Faltando apenas 12 dias para o término do prazo regimental de funcionamento da Comissão Parlamentar de Inquérito (CPI) da Assembleia Legislativa do Pará, instalada para apurar casos de tráfico humano no Estado, mais uma estratégia de crime envolvendo submissão e situação de escravidão humana vem à tona. Uma trama de mentiras, agiotagem e extorsão praticada contra moradores do município de Rondon do Pará e região próxima.
As investigações iniciaram há três meses e apontam para uma rede articulada de interlocutores que já aliciaram mais de 6 mil pessoas em mais de 20 anos, prometendo uma viagem em busca do sonho americano de vida. O destino é os Estados Unidos da América, mas até ultrapassar a fronteira, pelo México, a farsa se revela e o pesadelo começa, sair com vida de toda a teia arquitetada pela quadrilha se torna uma vitória e o retorno para casa passa a ser o principal objetivo.

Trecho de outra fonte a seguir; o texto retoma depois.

(* v in C(S^1, R): v is given on R^2 but only its restriction to S^1 matters;
   continuity is continuity of the restriction w.r.t. the induced topology. *)
Definition cont_on_S1 (v : R * R -> R) : Prop :=
  forall p, on_S1 p -> forall eps, 0 < eps -> exists delta, 0 < delta /\
    forall q, on_S1 q -> dist2 p q < delta -> Rabs (v q - v p) < eps.

Definition S1_half (alpha : R) (p : R * R) : Prop :=
  exists theta, 0 < theta < PI /\ p = cs (alpha + theta).

(* reflection across the line through 0 with direction (cos a, sin a):
   l_a(x) = 2 <x,u> u - x *)
Definition refl (a : R) (p : R * R) : R * R :=
  let d := fst p * cos a + snd p * sin a in
  (2 * d * cos a - fst p, 2 * d * sin a - snd p).

Definition separable_S1 (v : R * R -> R) : Prop :=
  forall alpha, 0 <= alpha < 2 * PI ->
    (forall x, S1_half alpha x -> v (refl alpha x) >= v x) \/
    (forall x, S1_half alpha x -> v (refl alpha x) <= v x).

Definition is_max_S1 (v : R * R -> R) (M : R) : Prop :=
  (exists p, on_S1 p /\ v p = M) /\ (forall q, on_S1 q -> v q <= M).

Definition is_min_S1 (v : R * R -> R) (m : R) : Prop :=
  (exists p, on_S1 p /\ v p = m) /\ (forall q, on_S1 q -> m <= v q).

From Stdlib Require Import Reals Lra ZArith Classical.
Open Scope R_scope.

(* Work with the 2*PI-periodic function f t := v (cos t, sin t). Separability says that at
   every b one side of b dominates the other under the reflection t |-> 2b - t.  The points
   where the right side dominates and those where the left side dominates form two closed sets
   covering R; at b and b + PI the roles are exchanged, so by connectedness some s lies in both,
   and f is symmetric about s.  Two axes of symmetry at distance h in (0, PI) would make f
   periodic with a period at most PI, which separability forbids for a nonconstant f.  Hence on
   (s, s + PI) the same side dominates everywhere, which makes f monotone on a half circle
   starting at s or at s + PI; that point is alpha0, and the level sets of the extreme values
   are arcs centred at alpha0 and alpha0 + PI. *)

Definition periodic {T : Type} (q : R) (f : R -> T) : Prop := forall x, f (x + q) = f x.

Definition continuous_R (f : R -> R) : Prop :=
  forall t eps, 0 < eps -> exists delta, 0 < delta /\
    forall x, Rabs (x - t) < delta -> Rabs (f x - f t) < eps.

Definition closed_R (A : R -> Prop) : Prop :=
  forall s, (forall d, 0 < d -> exists x, Rabs (x - s) < d /\ A x) -> A s.

Definition reflection_ge (f : R -> R) (b : R) : Prop :=
  forall th, 0 < th < PI -> f (b + th) <= f (b - th).

Definition reflection_le (f : R -> R) (b : R) : Prop :=
  forall th, 0 < th < PI -> f (b - th) <= f (b + th).

Definition symmetric_about (f : R -> R) (b : R) : Prop := forall th, f (b + th) = f (b - th).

Na tarde de ontem, o relator da CPI, deputado Carlos Bordalo (PT), tomou depoimentos de duas pessoas atingidas pela ação do grupo, que age sem nenhum pudor. Em um dos casos, a perda da propriedade em virtude da incapacidade de pagamento das dívidas oriundas do empréstimo levantado com agiotas, que cobravam juros exorbitantes, que variavam entre 08 e 10%, atingiu uma senhora de 72 anos.
Quem contou a trajetória, desde o aliciamento até a perda da casa, foi o filho, J.C., mototaxista, que, sem saber que o sobrinho havia convencido a irmã de conseguir um empréstimo para que ele fosse em busca de uma vida melhor nos EUA, assistiu a mãe perder a casa sem nada poder fazer. (Diário do Pará)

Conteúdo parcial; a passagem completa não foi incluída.